圣旨说的什么,潮夜根本没听进去,她像只木偶一样,别人跪,她就跪。
白琉远远地看见,心里不由得发急。
“钦此。”
潮夜呆呆地站起来。
“郡主,恭喜啊。”
郡主,多久不让人这么叫了?
潮夜点点头:“谢谢。”
“王爷,郡主仿佛开心地很呢,大概还不敢相信吧。”
“是啊,是啊,皇上抬爱了。”
“那我就不叨扰了,这就告辞了。”
“别,张总管,留下喝杯茶吧。府里也没有什么诸位能看上眼的,一点粗茶算是小王一片心意,你千万要给面子。”
“不了,王爷,杂家赶着进宫回禀皇上呢,下次吧。”
张总管拱拱手带着一群小公公们浩浩荡荡地回去了。
白琉看见宫人们走了,赶紧跑到潮夜身边:“小姐,你没事吧?”
潮夜疲惫地垂着眼睑:“回去吧。”
“潮夜,晚间来书房一趟。”王爷吩咐着。
“是。”
翌日黄昏。
“李嬷嬷,小女就交给你了。”
“是,王爷。”
“靖安郡主,随我来吧。”
潮夜看着地板,缱绻的雕花图案富贵中透露着困气。
“潮夜!”王爷不满地抬高声音。
潮夜僵着一张脸,动也不动。
“王爷,你别生气了,潮夜,她会想明白的。”美妇人轻轻柔柔地说。
王爷摇摇头,转身走了。
李嬷嬷是宫里的人,多少利害关系没经历过,一看架势,便知道夫人要劝导女儿,她待在这儿反而误事,行了礼下去了。
“潮夜,你怎么这么不懂事?”
潮夜梗了梗脖子,摆明了听不进去。
“潮夜,来,坐在娘身边,告诉娘你究竟想怎么样?”
潮夜乖乖地坐下,舔舔嘴唇郑重地说:“我渴。
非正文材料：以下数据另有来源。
(* In the database model described in the context, let $0<\alpha\le1$, let $t_\alpha\ge0$ be the largest $t\ge0$ such that $P(LR(S)\ge t)\ge\alpha$, and let $\mathcal D_\alpha=\{i\in\{1,\dots,N\}: LR(P_i)\ge t_\alpha\}$. Then $t_\alpha$ exists, and, if $\pi_{\mathcal D}>0$, \[ P(R\in\mathcal D_\alpha\mid R\in\mathcal D)=P(LR(S)\ge t_\alpha)\ge\alpha, \] so that $P(R\in\mathcal D_\alpha)\ge\alpha\,P(R\in\mathcal D)$.
   Context: Let $E$ be a countable set and let $S$, $G$ be $E$-valued random variables such that for every $e\in E$, $P(S=e)>0$ implies $P(G=e)>0$. For $e\in E$ define the likelihood ratio $LR(e)=P(S=e)/P(G=e)$ if $P(G=e)>0$ and $LR(e)=0$ otherwise. Database model: fix $N\ge1$. Let $R$ be a random variable with values in $\{0,1,\dots,N\}$; we write $R\in\mathcal D$ for $R\in\{1,\dots,N\}$ and $R\notin\mathcal D$ for $R=0$. Put $\pi_i=P(R=i)$ for $1\le i\le N$ and $\pi_{\mathcal D}=\sum_{i=1}^N\pi_i$. There are $E$-valued random variables $P_1,\dots,P_N$ such that conditionally on $R=i$ with $1\le i\le N$, they are independent, $P_i$ has the distribution of $S$ and $P_j$ ($j\ne i$) has the distribution of $G$; and conditionally on $R=0$ they are independent, each with the distribution of $G$. *)

From Stdlib Require Import Reals Lra Lia Classical.
Open Scope R_scope.

(* A probability on a sample space Omega, defined on all events (predicates),
   nonnegative, total mass 1, countably additive on pairwise disjoint events.
   (All random variables in the statement are discrete, so the power set is
   an adequate sigma-algebra.) *)
Record prob_space (Omega : Type) := {
  Pr : (Omega -> Prop) -> R;
  Pr_nonneg : forall A, 0 <= Pr A;
  Pr_total : Pr (fun _ => True) = 1;
  Pr_sigma_additive : forall A : nat -> Omega -> Prop,
    (forall m n w, m <> n -> A m w -> A n w -> False) ->
    infinite_sum (fun n => Pr (A n)) (Pr (fun w => exists n, A n w))
}.
Arguments Pr {Omega} _ _.

Definition LR {Omega E : Type} (P : prob_space Omega) (S G : Omega -> E) (e : E) : R :=
  if Rlt_dec 0 (Pr P (fun w => G w = e))
  then Pr P (fun w => S w = e) / Pr P (fun w => G w = e)
  else 0.

Fixpoint prod1 (n : nat) (f : nat -> R) : R :=
  match n with
  | O => 1
  | S m => prod1 m f * f (S m)
  end.

(* Database model: R takes values in {0,...,N}; conditionally on R = i (1<=i<=N)
   P_1..P_N are independent, P_i ~ S and P_j ~ G (j<>i); conditionally on R = 0
   they are independent, all ~ G. *)
Definition database_model {Omega E : Type} (P : prob_space Omega)
  (S G : Omega -> E) (N : nat) (Rv : Omega -> nat) (Pv : nat -> Omega -> E) : Prop :=
  (forall w, (Rv w <= N)%nat) /\
  (forall (i : nat) (e : nat -> E), (i <= N)%nat ->
     Pr P (fun w => Rv w = i /\ forall j, (1 <= j <= N)%nat -> Pv j w = e j)
     = Pr P (fun w => Rv w = i) *
       prod1 N (fun j => if Nat.eq_dec j i
                         then Pr P (fun w => S w = e j)
                         else Pr P (fun w => G w = e j))).

Definition is_t_alpha {Omega E : Type} (P : prob_space Omega) (S G : Omega -> E)
  (alpha t : R) : Prop :=
  0 <= t /\ Pr P (fun w => LR P S G (S w) >= t) >= alpha /\
  forall t', 0 <= t' -> Pr P (fun w => LR P S G (S w) >= t') >= alpha -> t' <= t.

From Stdlib Require Import Reals Lra Lia Classical.
From Stdlib Require Import FunctionalExtensionality PropExtensionality.
Open Scope R_scope.

(* 1. Elementary measure theory for [prob_space]: extensionality, null and
      disjoint unions, monotonicity, the decomposition of an event along the
      values of a nat-valued map ([Pr_partition]) and its consequence
      [Pr_proportional] (two events whose pieces are proportional have
      proportional probabilities), and continuity along decreasing families.
   2. The threshold: the tail t |-> P(L >= t) of a nonnegative variable L
      vanishes at infinity and is left-continuous, so the supremum of
      {t >= 0 | P(L >= t) >= alpha} belongs to the set ([exists_threshold]).
   3. Marginals of the database model: from the joint law of
      (R, P_1, ..., P_N) one sums out coordinates one at a time (using a
      countable encoding of E) to show that on {R = i} the profile P_i has
      the law of S ([marginal_event]).
   4. The theorem: splitting {R in D_alpha} along the value of R and
      applying step 3 to each piece gives P(R in D_alpha) = P(LR(S) >= t) * pi_D. *)

Lemma Un_cv_const (c : R) : Un_cv (fun _ => c) c.
Proof.
  intros eps Heps; exists 0%nat; intros n _.
  unfold Rdist; rewrite Rminus_diag, Rabs_R0; lra.
Qed.

Lemma infinite_sum_terms_vanish (a : nat -> R) (l : R) :
  infinite_sum a l -> Un_cv a 0.
Proof.
  intro Hsum. apply (CV_shift a 1).
  assert (Hterm : (fun n => a (n + 1)%nat) = (fun n => sum_f_R0 a (n + 1) - sum_f_R0 a n)).
  { apply functional_extensionality; intro n.
    rewrite Nat.add_1_r; simpl; ring. }
  rewrite Hterm, <- (Rminus_diag l).
  apply CV_minus; [apply CV_shift'|]; exact Hsum.
Qed.

Lemma infinite_sum_scal (a : nat -> R) (l c : R) :
  infinite_sum a l -> infinite_sum (fun n => c * a n) (c * l).
Proof.
  intro Hsum.
  assert (Hpartial : forall n, sum_f_R0 (fun k => c * a k) n = c * sum_f_R0 a n).
  { intro n; rewrite scal_sum; apply sum_eq; intros; ring. }
  unfold infinite_sum; setoid_rewrite Hpartial.
  exact (CV_mult _ _ _ _ (Un_cv_const c) Hsum).
Qed.

Section ProbabilityBasics.

Context {Omega : Type} (P : prob_space Omega).

Lemma Pr_ext (A B : Omega -> Prop) :
  (forall w, A w <-> B w) -> Pr P A = Pr P B.
Proof.
  intro HAB; f_equal.
  apply functional_extensionality; intro w; apply propositional_extensionality, HAB.
Qed.

Lemma Pr_countable_union (A : nat -> Omega -> Prop) (B : Omega -> Prop) :
  (forall m n w, m <> n -> A m w -> A n w -> False) ->
  (forall w, B w <-> exists n, A n w) ->
  infinite_sum (fun n => Pr P (A n)) (Pr P B).
Proof.
  intros Hdisj HB; rewrite (Pr_ext B _ HB).
  exact (Pr_sigma_additive _ P A Hdisj).
Qed.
”
美妇人笑靥如花,搂着潮夜:“死小孩,别绕弯子,快说!”
潮夜趁机撒娇:“我就是渴就是渴就是渴。”
“潮夜,我警告你,不要以为我宠着你就能逃得掉,从小到大,我制不了你,如今,幸福日子到头了,皇上要的人,谁敢不给,除非……”
“除非什么?”
“终于露馅了吧。”
“娘,快说。”潮夜摇得美妇人一阵晕眩。
“除非你告诉娘,你为什么不愿……”
“除了皇上,我谁都能嫁。”
“为什么?”
“你用不着知道。”
美妇人抬头叫道:“井皑,去把李嬷嬷请来。”
潮夜忙伸手去捂美妇人的嘴:“娘,我错了,你不要再叫了,我告诉你。”
美妇人对刚撩帘进来的井皑摇摇头。
井皑微微一笑,退了出去。
“说吧。”美妇人轻摇纱扇。
潮夜一双灵目转来转去,表情甚是滑稽。
只见她咬着牙齿咕哝出一串话。
美妇人张开嘴又要叫。
“夫人,王爷命我来取账本。”管家擦着头上的汗,低头站在帘外。
“进来吧。”
“娘,我、我要嫁给他。”潮夜指着管家大喊一声。
管家刚摸到账本,听见小姐这一声大喊,手一哆嗦,厚厚的四大本结实地砸在脚背上,顾不得疼,捡起账本就跑。
“站住。”美妇人的一声冷喝吓得管家连忙跪下。
“夫人饶命,一定是小姐又开玩笑。”
“潮夜,你想清楚,若你真心想嫁给他,娘就成全你。”
潮夜撇撇嘴。
“不想,你就老实地跟李嬷嬷学礼仪,至少将来进了宫不至于丢人。”说着冲管家挥挥手,管家颤巍巍地退了出去。
门外有个人影一晃。
“谁?”
“夫人。”那人行礼道,长长的影子早已蜿蜒进来。
“进来吧。”
“是。”那人撩帘进来,一声不响地立在门侧。
“丹衣,昨天我给你的样子给师傅看了没有?”
那丹衣垂头毕恭毕敬地答道:“是,看过了。师傅说那个百蝠纳祥的图案与新进的饮云罗有些不称,着我回来请示夫人,换料子还是换图案?”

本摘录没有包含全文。